[Data extracted from a collection]
Lemma ramp_sum_subadditive : subadditive_nonneg ramp_sum.
Proof.
move=> s t s0 t0; rewrite -lee_fin EFinD !ramp_sumE ?addr_ge0 //.
rewrite -nneseriesD => [|k _ _|k _ _]; try by rewrite lee_fin ramp_ge0.
apply: lee_nneseries => [k _ _|k _]; first by rewrite lee_fin ramp_ge0 ?addr_ge0.
rewrite -EFinD lee_fin /ramp -mulrDr; apply: ler_wpM2l; first exact: ltW.
by apply: min_subadditive => //; exact: ltW.
Qed.

Lemma ramp_sum_le_mono :
  {in `[0, +oo[ &, forall s t, s <= t -> ramp_sum s <= ramp_sum t}.
Proof.
move=> s t; rewrite !in_itv /= !andbT => s0 t0 st.
rewrite -lee_fin !ramp_sumE //; apply: lee_nneseries => [k _ _|k _].
  by rewrite lee_fin ramp_ge0.
by rewrite lee_fin ramp_le_mono.
Qed.

Lemma ramp_sum_ratio_le_mono :
  {in `]0, +oo[ &, forall s t, s <= t -> s / ramp_sum s <= t / ramp_sum t}.
Proof.
move=> s t; rewrite !in_itv /= !andbT => s0 t0 st.
rewrite ler_pdivrMr ?ramp_sum_gt0 // mulrAC ler_pdivlMr ?ramp_sum_gt0 //.
have [s0' t0'] := (ltW s0, ltW t0).
rewrite -lee_fin !EFinM !ramp_sumE // -!nneseriesZl => [|k _|k _];
  try by rewrite lee_fin ramp_ge0.
apply: lee_nneseries => [k _ _|k _]; first by rewrite -EFinM lee_fin mulr_ge0 ?ramp_ge0.
rewrite -!EFinM lee_fin /ramp mulrCA [t * _]mulrCA; apply: ler_wpM2l; first exact: ltW.
by apply: min_ratio_le => //; exact: ltW.
Qed.

Lemma integral_ramp_sum {d} {X : measurableType d} (mu : {measure set X -> \bar R})
  (g : X -> nat) : measurable_fun setT g ->
  (\int[mu]_x (ramp_sum (g x)%:R)%:E = \sum_(k <oo) \int[mu]_x (ramp k (g x)%:R)%:E)%E.
Proof.
move=> mg; under eq_integral do rewrite ramp_sumE //.
apply: (@integral_nneseries _ _ _ _ _ measurableT (fun k x => (ramp k (g x)%:R)%:E))
  => [k|k x _]; first exact: (measurable_EFin_comp_nat _ (fun n => ramp k n%:R) mg).
by rewrite lee_fin ramp_ge0.
Qed.

End RampSum.

Arguments ramp {R} c N k t.
Arguments ramp_sum {R} c N t.

Section SmallScale.
Context {R : realType} {phi : R -> R}.
Hypothesis phi_nonneg : forall t : R, 0 <= t -> 0 <= phi t.
Context {d} {X : measurableType d} (mu : {measure set X -> \bar R}).

Lemma integral_min_scaled_cvg0 {g : X -> nat} : measurable_fun setT g ->
  (\int[mu]_x (phi (g x)%:R)%:E < +oo)%E ->
  (\int[mu]_x (Num.min ((g x)%:R / j.+1%:R) (phi (g x)%:R))%:E)%E @[j --> \oo]
    --> 0%E.
Proof.
move=> mg phig_int; rewrite -(integral0 mu setT).
have min_ge0 j x : 0 <= Num.min ((g x)%:R / j.+1%:R) (phi (g x)%:R).
  by rewrite le_min divr_ge0 ?phi_nonneg.
apply: (@dominated_cvg _ _ _ mu _ measurableT _ _ (fun x => (phi (g x)%:R)%:E)).
- move=> j; exact: (measurable_EFin_comp_nat _ (fun n => Num.min (n%:R / j.+1%:R) (phi n%:R)) mg).
- move=> x _; apply: cvg_EFin; first exact: nearW.
  apply: (@squeeze_cvgr _ _ _ _ (cst 0) (fun j => (g x)%:R * j.+1%:R^-1)).
  + by apply: nearW => j /=; rewrite min_ge0 ge_min lexx.
  + exact: cvg_cst.
  + by rewrite -[X in _ --> X](mulr0 ((g x)%:R : R)); exact: cvgMr cvg_harmonic.
- by [].
- apply/integrableP; split; first exact: (measurable_EFin_comp_nat _ (fun n => phi n%:R) mg).
  by under eq_integral do rewrite gee0_abs ?lee_fin ?phi_nonneg //.
- by move=> j x _; rewrite gee0_abs ?lee_fin // ge_min lexx orbT.
Qed.

Lemma integral_min_scaled_small {I : finType} {g : I -> X -> nat} :
  (forall i, measurable_fun setT (g i)) ->
  (forall i, \int[mu]_x (phi (g i x)%:R)%:E < +oo)%E ->
  forall eps : R, 0 < eps -> exists2 eta : R, 0 < eta &
    forall r, 0 <= r <= eta -> forall i,
      (\int[mu]_x (Num.min ((g i x)%:R * r) (phi (g i x)%:R))%:E <= eps%:E)%E.
Proof.
move=> mg phig_int eps eps0.
have small i : \forall j \near \oo,
    (\int[mu]_x (Num.min ((g i x)%:R / j.+1%:R) (phi (g i x)%:R))%:E <= eps%:E)%E.
  have /fine_cvgP[fin cv] := integral_min_scaled_cvg0 (mg i) (phig_int i).
  apply: filterS2 fin (cvgr_lt _ cv _ eps0) => j finj ltj.
  by rewrite -(fineK finj) lee_fin ltW.
have [J smallJ] := filter_ex (filter_forall _ small).
exists J.+1%:R^-1 => [|r /andP[r0 rJ] i]; first by rewrite invr_gt0.
apply: le_trans (smallJ i); apply: ge0_le_integral => //.
- by move=> x _; rewrite lee_fin le_min mulr_ge0 ?phi_nonneg.
- exact: (measurable_EFin_comp_nat _ (fun n => Num.min (n%:R * r) (phi n%:R)) (mg i)).
- exact: (measurable_EFin_comp_nat _
    (fun n => Num.min (n%:R / J.+1%:R) (phi n%:R)) (mg i)).
- by move=> x _; rewrite lee_fin le_min2 // ler_wpM2l.
Qed.

End SmallScale.

Lemma exists_breakpoints {R : realType} {phi : R -> R}
    (phi_nonneg : forall t : R, 0 <= t -> 0 <= phi t)
    (phi_incr : {in `[0, +oo[ &, forall s t : R, s < t -> phi s < phi t})
    (phi_sublin : sublinear phi)
    {d} {X : measurableType d} (mu : {measure set X -> \bar R})
    {I : finType} {g : I -> X -> nat}
    (g_meas : forall i, measurable_fun setT (g i))
    (g_int : forall i, (\int[mu]_x (phi (g i x)%:R)%:E < +oo)%E) :
  exists N : nat -> nat, [/\ forall k, (k < N k)%N, forall k, (N k < N k.+1)%N,
    forall k, slope_record phi (N k),
    forall k, k.+1%:R * slope phi (N k) <= (2 ^ k.+1)%:R^-1 &
    forall k i, (\int[mu]_x (Num.min ((g i x)%:R * slope phi (N k)) (phi (g i x)%:R))%:E
                  <= ((k.+1%:R * (2 ^ k.+1)%:R)^-1)%:E)%E].
Proof.
pose eps k : R := (k.+1%:R * (2 ^ k.+1)%:R)^-1.
have eps_gt0 k : 0 < eps k by rewrite invr_gt0 mulr_gt0 ?ltr0n ?expn_gt0.
have /choice[eta eta_spec] k : exists eta : R, 0 < eta /\
    forall r, 0 <= r <= eta -> forall i, (\int[mu]_x
      (Num.min ((g i x)%:R * r) (phi (g i x)%:R))%:E <= (eps k)%:E)%E.
  have [eta eta_gt0 small] := integral_min_scaled_small phi_nonneg mu g_meas g_int _ (eps_gt0 k).
  by exists eta.
have delta_gt0 k : 0 < Num.min (eta k) (eps k) by rewrite lt_min (eta_spec k).1 eps_gt0.
have [N [N_gt N_incr N_spec]] := increasing_choice
  (fun k N => slope phi N <= Num.min (eta k) (eps k) /\ slope_record phi N)
  (fun k P => exists_slope_record phi_nonneg phi_incr phi_sublin _ P (delta_gt0 k)).
have N_eta k : slope phi (N k) <= eta k by apply: le_trans (N_spec k).1 _; rewrite ge_min lexx.
have N_eps k : slope phi (N k) <= eps k.
  by apply: le_trans (N_spec k).1 _; rewrite ge_min lexx orbT.
exists N; split => // [k|k|k i]; first exact: (N_spec k).2.
  apply: (@le_trans _ _ (k.+1%:R * eps k)); first exact: ler_wpM2l.
  by rewrite /eps invfM mulrA mulfV ?mul1r.
apply: (eta_spec k).2; rewrite N_eta andbT ltW //.
exact: slope_gt0 phi_nonneg phi_incr _ (leq_ltn_trans _ (N_gt k)).
Qed.

Section SlopeRamps.
Context {R : realType} {phi : R -> R}.
Hypothesis phi_nonneg : forall t : R, 0 <= t -> 0 <= phi t.
Hypothesis phi_incr : {in `[0, +oo[ &, forall s t : R, s < t -> phi s < phi t}.
Context {N : nat -> nat}.
Hypothesis N_gt : forall k, (k < N k)%N.
Hypothesis N_record : forall k, slope_record phi (N k).
Hypothesis N_slope : forall k, k.+1%:R * slope phi (N k) <= (2 ^ k.+1)%:R^-1.

Definition slope_weight k := k.+1%:R * slope phi (N k).

Let psi := ramp_sum slope_weight (fun k => (N k)%:R).

Let N_gt0 k : (0 < N k)%N. Proof. exact: leq_ltn_trans (N_gt k). Defined.

Let N_gt0R k : 0 < (N k)%:R :> R. Proof. by rewrite ltr0n N_gt0. Defined.

Lemma slope_N_gt0 k : 0 < slope phi (N k).
Proof. exact: slope_gt0 phi_nonneg phi_incr _ (N_gt0 k). Qed.

Lemma slope_weight_gt0 k : 0 < slope_weight k.
Proof. by rewrite mulr_gt0 ?slope_N_gt0. Qed.

Lemma slope_weight_summable : (\sum_(k <oo) (slope_weight k)%:E < +oo)%E.
Proof.
apply: le_lt_trans (ltry 1); apply: le_trans (epsilon_trick0 xpredT ler01).
apply: lee_nneseries => [k _ _|k _]; first by rewrite lee_fin ltW ?slope_weight_gt0.
by rewrite lee_fin div1r N_slope.
Qed.

Lemma slope_ramp_sum_ge_phi k : k.+1%:R * phi (N k)%:R <= psi (N k)%:R.
Proof.
apply: le_trans _ (ramp_le_sum slope_weight_gt0 N_gt0R slope_weight_summable k _ (ler0n _ _)).
by rewrite /ramp /slope_weight /slope minxx -mulrA divfK ?gt_eqF ?N_gt0R.
Qed.

Lemma slope_ramp_le k (n : nat) : ramp slope_weight (fun k => (N k)%:R) k n%:R <=
  k.+1%:R * Num.min (n%:R * slope phi (N k)) (phi n%:R).
Proof.
rewrite /ramp /slope_weight -mulrA; apply: ler_wpM2l => //.
exact (slope_record_ramp_le phi_nonneg phi_incr (N_gt0 k) (N_record k) n).
Qed.

Lemma integral_slope_ramp_sum_lt_pinfty {d} {X : measurableType d}
    (mu : {measure set X -> \bar R}) {g : X -> nat} :
  measurable_fun setT g ->
  (forall k, \int[mu]_x (Num.min ((g x)%:R * slope phi (N k)) (phi (g x)%:R))%:E
               <= ((k.+1%:R * (2 ^ k.+1)%:R)^-1)%:E)%E ->
  (\int[mu]_x (psi (g x)%:R)%:E < +oo)%E.
Proof.
move=> mg small.
have ramp_N_ge0 j (t : R) : 0 <= t -> 0 <= ramp slope_weight (fun k => (N k)%:R) j t.
  exact: ramp_ge0 slope_weight_gt0 N_gt0R j t.
rewrite (integral_ramp_sum slope_weight_gt0 N_gt0R slope_weight_summable mu g mg).
apply: le_lt_trans (ltry 1); apply: le_trans (epsilon_trick0 xpredT ler01).
apply: lee_nneseries => [k _ _|k _].
  by apply: integral_ge0 => x _; rewrite lee_fin ramp_N_ge0.
pose m x := Num.min ((g x)%:R * slope phi (N k)) (phi (g x)%:R).
have m_ge0 x : (0 <= (m x)%:E)%E.
  by rewrite lee_fin le_min mulr_ge0 ?phi_nonneg ?(ltW (slope_N_gt0 k)).
have m_meas : measurable_fun setT (fun x => (m x)%:E).
  exact: (measurable_EFin_comp_nat _
    (fun n => Num.min (n%:R * slope phi (N k)) (phi n%:R)) mg).
apply: (@le_trans _ _ (k.+1%:R%:E * \int[mu]_x (m x)%:E)%E).
  rewrite -ge0_integralZl_EFin //; apply: ge0_le_integral => //.
  - by move=> x _; rewrite lee_fin ramp_N_ge0.
  - exact: (measurable_EFin_comp_nat _
      (fun n => ramp slope_weight (fun k => (N k)%:R) k n%:R) mg).
  - exact: measurable_funeM.
  - by move=> x _; rewrite -EFinM lee_fin slope_ramp_le.
apply: le_trans (lee_wpmul2l _ (small k)) _; first by rewrite lee_fin.
by rewrite -EFinM div1r invfM mulrA mulfV ?mul1r ?pnatr_eq0.
Qed.

Lemma slope_ramp_sum_littleo :
  littleo_along \oo (fun k => phi (N k)%:R) (fun k => psi (N k)%:R).
Proof.
move=> e e0; near=> k.
have ek : e^-1 <= k%:R by near: k; exact: (cvgryPge _).1 (@cvgr_idn R) e^-1.
have psi_ge0 := ramp_sum_ge0 slope_weight_gt0 N_gt0R slope_weight_summable.
rewrite !ger0_norm ?phi_nonneg ?psi_ge0 //.
apply: le_trans (ler_wpM2l (ltW e0) (slope_ramp_sum_ge_phi k)).
rewrite mulrA ler_peMl ?phi_nonneg //.
have ek1 : e^-1 <= k.+1%:R by apply: le_trans ek _; rewrite ler_nat.
by have := ler_wpM2l (ltW e0) ek1; rewrite mulfV ?gt_eqF.
Unshelve. all: by end_near.
Qed.

End SlopeRamps.

Arguments slope_weight {R} phi N k.

Theorem lemma3p2 (R : realType) (phi : R -> R)
  (phi_nonneg : forall t : R, 0 <= t -> 0 <= phi t)
  (phi_cont : {within `[0, +oo[, continuous phi})
  (phi_sublin : sublinear phi)
  (phi_incr : {in `[0, +oo[ &, forall s t : R, s < t -> phi s < phi t})
  (l : nat) (hl : (1 <= l)%N)
  (d : measure_display) (X : measurableType d) (mu : probability X R)
  (f : 'I_l -> X -> nat)
  (f_meas : forall i : 'I_l, measurable_fun setT (f i))
  (f_int : forall i : 'I_l, (\int[mu]_x (phi (f i x)%:R)%:E < +oo)%E) :
  exists psi : R -> R,
    (forall t : R, 0 <= t -> 0 <= psi t) /\
    psi 0 = 0 /\
    subadditive_nonneg psi /\
    {in `[0, +oo[ &, forall s t : R, s <= t -> psi s <= psi t} /\
    (forall t : R, 0 < t -> 0 < psi t) /\
    {in `]0, +oo[ &, forall s t : R, s <= t -> s / psi s <= t / psi t} /\
    (exists x : nat -> R,
        (forall k, 0 <= x k) /\
        (forall k, x k < x k.+1) /\
        (x @ \oo --> +oo) /\
        littleo_along \oo (fun k => phi (x k)) (fun k => psi (x k))) /\
    (forall i : 'I_l, (\int[mu]_x (psi (f i x)%:R)%:E < +oo)%E).
Proof.
have [N [N_gt N_incr N_record N_slope N_small]] :=
  exists_breakpoints phi_nonneg phi_incr phi_sublin mu f_meas f_int.
have w_gt0 := slope_weight_gt0 phi_nonneg phi_incr N_gt.
have N_gt0 k : 0 < (N k)%:R :> R by rewrite ltr0n (leq_ltn_trans _ (N_gt k)).
have w_sum := slope_weight_summable phi_nonneg phi_incr N_gt N_slope.
exists (ramp_sum (slope_weight phi N) (fun k => (N k)%:R)).
split; first exact: ramp_sum_ge0 w_gt0 N_gt0 w_sum.
split; first exact: ramp_sum0 N_gt0.
split; first exact: ramp_sum_subadditive w_gt0 N_gt0 w_sum.
split; first exact: ramp_sum_le_mono w_gt0 N_gt0 w_sum.
split; first exact: ramp_sum_gt0 w_gt0 N_gt0 w_sum.
split; first exact: ramp_sum_ratio_le_mono w_gt0 N_gt0 w_sum.
split.
  exists (fun k => (N k)%:R); split => [k //|]; split => [k|]; first by rewrite ltr_nat.
  split; first by apply: natr_dominating_cvgy => k; exact: ltnW.
  exact (slope_ramp_sum_littleo phi_nonneg phi_incr N_gt N_slope).
move=> i; exact (integral_slope_ramp_sum_lt_pinfty phi_nonneg phi_incr N_gt N_record N_slope
  mu (f_meas i) (N_small^~ i)).
Qed.
(* In the setting below, there exist an affine function $c:\mathbb R^{n\times n}\to\mathbb R$ and an affine matrix-valued function $\mathbf Z:\mathbb R^{n\times n}\to\mathbb R^{n\times n}$, determined by $\mathrm{metric}^{(0)}$, and for each $l\in[1,t]$ a constant $\mu_l\in\mathbb R$ and a matrix $\mathbf B^{(l)}\in\mathbb R^{n\times n}$, determined by $\mathrm{metric}^{(l)}$ and the label vector $\mathbf y$, such that for every $\theta\in\mathbb R^m$, $$\min_{\mathbf Q\in\Delta}\max_{\mathbf P\in\Delta\cap\Gamma}\Big[O^{(0)}(\mathbf Q,\mathbf P)-\langle\mathbf Q^\top\mathbf 1,\Psi^\top\theta\rangle\Big]$$ equals the optimal value of the linear program $$\min_{\mathbf Q\in\Delta,\ \boldsymbol\alpha\in\mathbb R^{n\times n}_{\ge0},\ \boldsymbol\beta\in\mathbb R^t_{\ge0},\ v\ge0}\ v+c(\mathbf Q)-\langle\mathbf Q,\Psi^\top\theta\mathbf 1^\top\rangle+\sum_{l=1}^t\beta_l(\mu_l-\tau_l)$$ $$\text{s.t.}\quad v\ge\mathbf Z(\mathbf Q)_{(i,k)}-\alpha_{i,k}+\tfrac1k\textstyle\sum_j\alpha_{j,k}+\sum_{l=1}^t\beta_l\,(\mathbf B^{(l)})_{(i,k)}\quad\forall i,k\in[1,n].$$
   Context: $n,m,t\ge1$, $\mathbf y\in\{0,1\}^n$, $l^\star=\sum_iy_i$, $\Psi\in\mathbb R^{m\times n}$, $\tau_1,\dots,\tau_t\in\mathbb R$. Metrics $\mathrm{metric}^{(i)}(\hat{\mathbf y},\check{\mathbf y})=\sum_j\frac{a_j^{(i)}\mathrm{TP}+b_j^{(i)}\mathrm{TN}+f_j^{(i)}(\mathrm{PP},\mathrm{AP})}{g_j^{(i)}(\mathrm{PP},\mathrm{AP})}$, $i=0,\dots,t$, with $\mathrm{TP}=\sum\hat y_i\check y_i$, $\mathrm{TN}=\sum(1-\hat y_i)(1-\check y_i)$, $\mathrm{PP}=\sum\hat y_i$, $\mathrm{AP}=\sum\check y_i$, constants $a_j^{(i)},b_j^{(i)}$, functions $f_j^{(i)},g_j^{(i)}:\{0,\dots,n\}^2\to\mathbb R$ with $g_j^{(i)}$ never zero. $\Delta=\{\mathbf P\in\mathbb R^{n\times n}: p_{i,k}\ge0;\ p_{i,k}\le\frac1k\sum_jp_{j,k}\ \forall i,k;\ \sum_k\frac1k\sum_ip_{i,k}\le1\}$. From $\mathbf P$: $\mathbf p_k^1=\mathbf P_{(:,k)}$ ($k\ge1$), $\mathbf p_0^1=\mathbf 0$; $r_k=\frac1k\mathbf 1^\top\mathbf p_k^1$ ($k\ge1$), $r_0=1-\sum_{k\ge1}r_k$; $\mathbf p_k^0=r_k\mathbf 1-\mathbf p_k^1$; likewise $\mathbf q_l^1,\mathbf q_l^0,s_l$ from $\mathbf Q$. $O^{(0)}(\mathbf Q,\mathbf P)=\sum_{k,l=0}^n\sum_j\frac{1}{g^{(0)}_j(k,l)}\{a^{(0)}_j[\mathbf p_k^1\cdot\mathbf q_l^1]+b^{(0)}_j[\mathbf p_k^0\cdot\mathbf q_l^0]+f^{(0)}_j(k,l)r_ks_l\}$. $\Gamma=\{\mathbf P:\sum_{k=0}^n\sum_j\frac{1}{g^{(i)}_j(k,l^\star)}\{a^{(i)}_j[\mathbf p_k^1\cdot\mathbf y]+b^{(i)}_j[\mathbf p_k^0\cdot(\mathbf 1-\mathbf y)]+f^{(i)}_j(k,l^\star)r_k\}\ge\tau_i\ \forall i\in[1,t]\}$. *)

From Stdlib Require List.
From HB Require Import structures.
From mathcomp Require Import all_boot all_order all_algebra.
From mathcomp Require Import all_classical all_reals ereal.
Set Implicit Arguments. Unset Strict Implicit. Unset Printing Implicit Defensive.
Import Order.TTheory GRing.Theory Num.Theory.
Local Open Scope ring_scope.
Local Open Scope classical_set_scope.
(* The HNN extension is realised as the group of permutations of [G * nat] generated by the left
   translations and by a bijection [t] that twists each coset of the span of [v] onto a coset of
   the span of [v'] by the isomorphism [evG G v w |-> evG G v' w]. *)
Theorem hnn_extension (G : Group) (v v' : nat -> G) :
  countable_group G -> same_relations G v G v' ->
  exists (Y : Group) (iota : G -> Y) (t : Y),
    countable_group Y /\ Injective iota /\ is_hom G Y iota /\
    forall i, gmul Y t (iota (v i)) = gmul Y (iota (v' i)) t.
Proof.
  intros hG hrel.
  destruct (equinumerous_trans (coset_index_nat v hG) (equinumerous_sym (coset_index_nat v' hG)))
    as [beta [beta' [hbeta hbeta']]].
  set (T := Bijection (stable_map v v' beta) (stable_map v' v beta')
              (stable_map_cancel v' v beta' beta (same_relations_sym hrel) hbeta')
              (stable_map_cancel v v' beta beta' hrel hbeta)).
  destruct (countable_enumeration hG) as [code [decode hdecode]].
  set (gens := (fun n => match n with 0 => T | S n => left_translation (decode n) end)
                : nat -> Sym (G * nat)).
  assert (hspan : forall x, in_span (Sym (G * nat)) gens (left_translation x)).
  { intros x. rewrite <- (hdecode x). apply (in_span_var gens (S (code x))). }
  exists (span gens), (fun x => exist _ (left_translation x) (hspan x)),
    (exist _ T (in_span_var gens 0)).
  split; [apply span_countable|]. split; [|split].
  - intros x y h. apply left_translation_inj. exact (f_equal (@proj1_sig _ _) h).
  - intros x y. apply span_val_inj, left_translation_hom.
  - intros i. apply span_val_inj, bijection_eq. intros [x n]. cbn -[stable_map].
    rewrite (stable_map_mul v v' beta hrel) by apply in_span_var.
    rewrite (span_map_evG v v' hrel (WVar i) : span_map v v' (v i) = v' i). reflexivity.
Qed.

- **TASK INSTRUCTIONS**: Write down, word for word, the lines above from the one containing "apply: le_trans (ler_wpM2l" through the one containing "have [N [N_gt N_incr N_record", both ends included.

- **RESULT**:
apply: le_trans (ler_wpM2l (ltW e0) (slope_ramp_sum_ge_phi k)).
rewrite mulrA ler_peMl ?phi_nonneg //.
have ek1 : e^-1 <= k.+1%:R by apply: le_trans ek _; rewrite ler_nat.
by have := ler_wpM2l (ltW e0) ek1; rewrite mulfV ?gt_eqF.
Unshelve. all: by end_near.
Qed.

End SlopeRamps.

Arguments slope_weight {R} phi N k.

Theorem lemma3p2 (R : realType) (phi : R -> R)
  (phi_nonneg : forall t : R, 0 <= t -> 0 <= phi t)
  (phi_cont : {within `[0, +oo[, continuous phi})
  (phi_sublin : sublinear phi)
  (phi_incr : {in `[0, +oo[ &, forall s t : R, s < t -> phi s < phi t})
  (l : nat) (hl : (1 <= l)%N)
  (d : measure_display) (X : measurableType d) (mu : probability X R)
  (f : 'I_l -> X -> nat)
  (f_meas : forall i : 'I_l, measurable_fun setT (f i))
  (f_int : forall i : 'I_l, (\int[mu]_x (phi (f i x)%:R)%:E < +oo)%E) :
  exists psi : R -> R,
    (forall t : R, 0 <= t -> 0 <= psi t) /\
    psi 0 = 0 /\
    subadditive_nonneg psi /\
    {in `[0, +oo[ &, forall s t : R, s <= t -> psi s <= psi t} /\
    (forall t : R, 0 < t -> 0 < psi t) /\
    {in `]0, +oo[ &, forall s t : R, s <= t -> s / psi s <= t / psi t} /\
    (exists x : nat -> R,
        (forall k, 0 <= x k) /\
        (forall k, x k < x k.+1) /\
        (x @ \oo --> +oo) /\
        littleo_along \oo (fun k => phi (x k)) (fun k => psi (x k))) /\
    (forall i : 'I_l, (\int[mu]_x (psi (f i x)%:R)%:E < +oo)%E).
Proof.
have [N [N_gt N_incr N_record N_slope N_small]] :=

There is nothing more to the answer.